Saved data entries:
Lemma enorm_shell_ge d k x : x <> zero d -> shell d k x -> 2 ^ k / 2 <= enorm x.
Proof.
  intros Hx0 [[Hpt HV] Hk].
  enough (exists z, In z x /\ 2 ^ k / 2 <= Rabs (IZR z)) as (z & Hz & Hle)
    by (pose proof (coord_le_enorm x z Hz); lra).
  destruct k as [|j].
  - assert (exists z, In z x /\ z <> 0%Z) as (z & Hz & Hnz).
    { apply NNPP. intros Hno. apply Hx0. unfold pt in Hpt. subst d.
      apply Forall_eq_repeat, Forall_forall. intros z Hz.
      apply NNPP. intros Hnz. apply Hno. exists z. auto. }
    exists z. split; auto. simpl. rewrite <- abs_IZR.
    assert (1 <= IZR (Z.abs z)) by (apply IZR_le; lia). lra.
  - assert (exists z, In z x /\ ~ (- 2 ^ Z.of_nat j <= z < 2 ^ Z.of_nat j)%Z) as (z & Hz & Hout).
    { apply NNPP. intros Hno. apply Hk. split; auto.
      apply Forall_forall. intros z Hz. apply NNPP. intros Hout. apply Hno. exists z. auto. }
    exists z. split; auto. replace (2 ^ S j / 2) with (2 ^ j) by (simpl; field).
    rewrite <- abs_IZR, <- IZR_pow2. apply IZR_le. lia.
Qed.

Lemma enorm_pos d x : pt d x -> x <> zero d -> 0 < enorm x.
Proof.
  intros Hpt Hx0. destruct (V_cover d (x :: nil)) as [N HN]; [intros y [<- | []]; auto|].
  destruct (V_shell d N x (HN x (or_introl eq_refl))) as (k & _ & Hsh).
  pose proof (enorm_shell_ge d k x Hx0 Hsh). pose proof (pow_lt 2 k ltac:(lra)). lra.
Qed.

Lemma Rpower_enorm_shell_le d k x gam : 0 < gam -> x <> zero d -> shell d k x ->
  Rpower (enorm x) (- gam) <= Rpower 2 (gam * (1 - INR k)).
Proof.
  intros Hgam Hx0 Hsh. pose proof ln2_pos.
  assert (Hlow : Rpower 2 (INR k - 1) <= enorm x).
  { replace (Rpower 2 (INR k - 1)) with (2 ^ k / 2); [apply (enorm_shell_ge d); auto|].
    unfold Rminus. rewrite Rpower_plus, Rpower_Ropp, Rpower_pow, Rpower_1 by lra. reflexivity. }
  apply ln_le_compat in Hlow; [|apply Rpower_pos]. rewrite ln_Rpower in Hlow.
  unfold Rpower at 1 2. apply exp_le_compat. nra.
Qed.

Lemma Rsup_eq E m : is_lub E m -> Rsup E = m.
Proof.
  intros H. pose proof (epsilon_spec (inhabits 0) (is_lub E) (ex_intro _ m H)) as Hs.
  destruct H as [Hub Hlub], Hs as [Hsub Hslub]. apply Rle_antisym; auto.
Qed.

Lemma Rinf_eq E m : is_glb E m -> Rinf E = m.
Proof.
  intros H. pose proof (epsilon_spec (inhabits 0) (is_glb E) (ex_intro _ m H)) as Hs.
  destruct H as [Hub Hlub], Hs as [Hsub Hslub]. apply Rle_antisym; auto.
Qed.

Lemma glb_exists (E : R -> Prop) b : (forall x, E x -> b <= x) -> (exists x, E x) -> exists m, is_glb E m.
Proof.
  intros Hb [x Hx]. destruct (completeness (fun v => E (- v))) as [m [Hm1 Hm2]].
  - exists (- b). intros v Hv. specialize (Hb _ Hv). lra.
  - exists (- x). rewrite Ropp_involutive. exact Hx.
  - exists (- m). split.
    + intros y Hy. enough (- y <= m) by lra. apply Hm1. rewrite Ropp_involutive. exact Hy.
    + intros c Hc. enough (m <= - c) by lra. apply Hm2. intros v Hv. specialize (Hc _ Hv). lra.
Qed.

Lemma limsup_spec (a : nat -> R) B : (forall n, - B <= a n <= B) ->
  (forall eps, 0 < eps -> exists N, forall n, (N <= n)%nat -> a n <= limsup a + eps) /\
  (forall eps, 0 < eps -> forall N, exists n, (N <= n)%nat /\ limsup a - eps <= a n).
Proof.
  intros HB. set (tail n := fun v => exists k, (n <= k)%nat /\ v = a k).
  assert (Htail : forall n, is_lub (tail n) (Rsup (tail n))).
  { intros n. destruct (completeness (tail n)) as [m Hm].
    - exists B. intros v (k & _ & ->). apply HB.
    - exists (a n), n. auto.
    - rewrite (Rsup_eq _ m Hm). exact Hm. }
  assert (Hge : forall n, a n <= Rsup (tail n)) by (intros n; apply Htail; exists n; auto).
  destruct (glb_exists (fun r => exists n, r = Rsup (tail n)) (- B)) as [L HL].
  - intros r [n ->]. specialize (HB n). specialize (Hge n). lra.
  - exists (Rsup (tail 0%nat)), 0%nat. reflexivity.
  - change (limsup a) with (Rinf (fun r => exists n, r = Rsup (tail n))).
    rewrite (Rinf_eq _ L HL). split.
    + intros eps Heps. destruct (classic (exists N, Rsup (tail N) < L + eps)) as [[N HN]|Hno].
      * exists N. intros n Hn. enough (a n <= Rsup (tail N)) by lra. apply Htail. exists n. auto.
      * exfalso. enough (L + eps <= L) by lra. apply HL. intros r [n ->].
        apply Rnot_lt_le. intros Hlt. apply Hno. exists n. exact Hlt.
    + intros eps Heps N. apply NNPP. intros Hno.
      enough (Rsup (tail N) <= L - eps) by (assert (L <= Rsup (tail N)) by (apply HL; exists N; auto); lra).
      apply Htail. intros v (k & Hk & ->). apply Rnot_lt_le. intros Hlt. apply Hno. exists k. split; auto; lra.
Qed.

Section GrowthExponent.
Variables (d : nat) (mu : list Z -> R).
Hypotheses (Hmu : step_dist d mu) (Htr : transient d mu).

Let G0 := green d mu (zero d).
Let u (n : nat) := U d mu (V d n).
Let rate (n : nat) := log2 (u n) / INR n.

Lemma G0_ge1 : 1 <= G0.
Proof. apply green_zero_ge1; auto. Qed.

Lemma finsum_green_V_le n l : NoDup l -> (forall x, In x l -> V d n x) ->
  finsum (green d mu) l <= 2 ^ d * G0 * Rpower 2 (INR d * INR n).
Proof.
  intros Hnd Hl. pose proof G0_ge1.
  replace (2 ^ d * G0 * Rpower 2 (INR d * INR n)) with (INR ((2 ^ S n) ^ d) * G0).
  - apply Rle_trans with (finsum (fun _ => G0) l).
    + apply finsum_le. intros x Hx. apply green_le_green_zero; auto. apply Hl; auto.
    + rewrite finsum_const. apply Rmult_le_compat_r; [lra|]. apply le_INR, V_card_le; auto.
  - rewrite <- Nat.pow_mul_r, pow_INR, <- mult_INR, Rpower_pow by lra.
    replace (INR 2) with 2 by (simpl; lra).
    replace (S n * d)%nat with (d + d * n)%nat by lia. rewrite pow_add. ring.
Qed.

Lemma U_has_sum n : has_sum (V d n) (green d mu) (u n).
Proof.
  destruct (has_sum_exists (V d n) (green d mu) _ (finsum_green_V_le n)) as (s & Hs & _).
  unfold u, U. rewrite (tsum_eq _ _ _ Hs). exact Hs.
Qed.

Lemma U_le_Rpower n : u n <= 2 ^ d * G0 * Rpower 2 (INR d * INR n).
Proof. apply (has_sum_le _ _ _ _ (U_has_sum n)), finsum_green_V_le. Qed.

Lemma U_ge_G0 n : G0 <= u n.
Proof. apply (has_sum_ge_term (V d n)); [apply V_zero | apply U_has_sum]. Qed.

Lemma U_pos n : 0 < u n.
Proof. pose proof (U_ge_G0 n). pose proof G0_ge1. lra. Qed.

(* [rate 0 = 0], as [/ 0 = 0] in Stdlib; hence the side condition [1 <= n]. *)
Lemma rate_le_iff n beta : (1 <= n)%nat -> rate n <= beta <-> u n <= Rpower 2 (beta * INR n).
Proof.
  intros Hn. assert (Hn0 : 0 < INR n) by (apply (lt_INR 0); lia). pose proof ln2_pos.
  assert (Hscale : 0 < INR n * ln 2) by nra. pose proof (U_pos n).
  replace (rate n) with (ln (u n) / (INR n * ln 2)) by (unfold rate, log2; field; lra).
  split; intros Hle.
  - rewrite <- (exp_ln (u n)) by auto. apply exp_le_compat.
    apply Rmult_le_compat_r with (r := INR n * ln 2) in Hle; [|lra].
    field_simplify in Hle; lra.
  - apply ln_le_compat in Hle; auto. rewrite ln_Rpower in Hle.
    apply Rmult_le_reg_r with (INR n * ln 2); auto. field_simplify; lra.
Qed.

Lemma rate_nonneg n : 0 <= rate n.
Proof.
  unfold rate, log2, Rdiv. pose proof ln2_pos.
  assert (0 <= ln (u n)).
  { rewrite <- ln_1. apply ln_le_compat; [lra|]. pose proof (U_ge_G0 n).
    pose proof G0_ge1. lra. }
  destruct n as [|n]; [simpl; rewrite Rinv_0; lra|].
  repeat apply Rmult_le_pos; auto; left; apply Rinv_0_lt_compat; auto. apply (lt_INR 0); lia.
Qed.

Lemma rate_le_of_U_le gam C n : 1 <= C -> (1 <= n)%nat -> u n <= C * Rpower 2 (gam * INR n) ->
  rate n <= gam + log2 C / INR n.
Proof.
  intros HC Hn Hu. apply rate_le_iff; auto.
  assert (0 < INR n) by (apply (lt_INR 0); lia).
  replace ((gam + log2 C / INR n) * INR n) with (log2 C + gam * INR n) by (field; lra).
  rewrite Rpower_plus. unfold log2, Rpower at 1.
  replace (ln C / ln 2 * ln 2) with (ln C) by (field; pose proof ln2_pos; lra).
  rewrite exp_ln by lra. exact Hu.
Qed.

Lemma rate_bounded n : - (INR d + log2 (2 ^ d * G0)) <= rate n <= INR d + log2 (2 ^ d * G0).
Proof.
  pose proof G0_ge1. pose proof (pos_INR d). pose proof (rate_nonneg n).
  assert (HC : 1 <= 2 ^ d * G0) by (pose proof (pow_R1_Rle 2 d ltac:(lra)); nra).
  assert (Hlog : 0 <= log2 (2 ^ d * G0)).
  { unfold log2, Rdiv. apply Rmult_le_pos; [rewrite <- ln_1; apply ln_le_compat; lra|].
    left. apply Rinv_0_lt_compat, ln2_pos. }
  split; [lra|]. destruct n as [|n].
  - unfold rate. simpl. unfold Rdiv. rewrite Rinv_0. lra.
  - pose proof (rate_le_of_U_le (INR d) _ (S n) HC ltac:(lia) (U_le_Rpower (S n))).
    enough (log2 (2 ^ d * G0) / INR (S n) <= log2 (2 ^ d * G0)) by lra.
    assert (1 <= INR (S n)) by (apply (le_INR 1); lia).
    unfold Rdiv. rewrite <- (Rmult_1_r (log2 _)) at 2. apply Rmult_le_compat_l; auto.
    rewrite <- Rinv_1. apply Rinv_le_contravar; lra.
Qed.

Lemma limsup_rate_eventually_le eps : 0 < eps ->
  exists N, forall n, (N <= n)%nat -> rate n <= limsup rate + eps.
Proof. apply (limsup_spec rate _ rate_bounded). Qed.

**Exercise directions**
In your answer, include only the lines above starting at the line that holds "rate n <= gam + log2 C / INR n." and ending at the line that holds "enough (log2 (2", copied exactly.

**Answer for the task**
  rate n <= gam + log2 C / INR n.
Proof.
  intros HC Hn Hu. apply rate_le_iff; auto.
  assert (0 < INR n) by (apply (lt_INR 0); lia).
  replace ((gam + log2 C / INR n) * INR n) with (log2 C + gam * INR n) by (field; lra).
  rewrite Rpower_plus. unfold log2, Rpower at 1.
  replace (ln C / ln 2 * ln 2) with (ln C) by (field; pose proof ln2_pos; lra).
  rewrite exp_ln by lra. exact Hu.
Qed.

Lemma rate_bounded n : - (INR d + log2 (2 ^ d * G0)) <= rate n <= INR d + log2 (2 ^ d * G0).
Proof.
  pose proof G0_ge1. pose proof (pos_INR d). pose proof (rate_nonneg n).
  assert (HC : 1 <= 2 ^ d * G0) by (pose proof (pow_R1_Rle 2 d ltac:(lra)); nra).
  assert (Hlog : 0 <= log2 (2 ^ d * G0)).
  { unfold log2, Rdiv. apply Rmult_le_pos; [rewrite <- ln_1; apply ln_le_compat; lra|].
    left. apply Rinv_0_lt_compat, ln2_pos. }
  split; [lra|]. destruct n as [|n].
  - unfold rate. simpl. unfold Rdiv. rewrite Rinv_0. lra.
  - pose proof (rate_le_of_U_le (INR d) _ (S n) HC ltac:(lia) (U_le_Rpower (S n))).
    enough (log2 (2 ^ d * G0) / INR (S n) <= log2 (2 ^ d * G0)) by lra.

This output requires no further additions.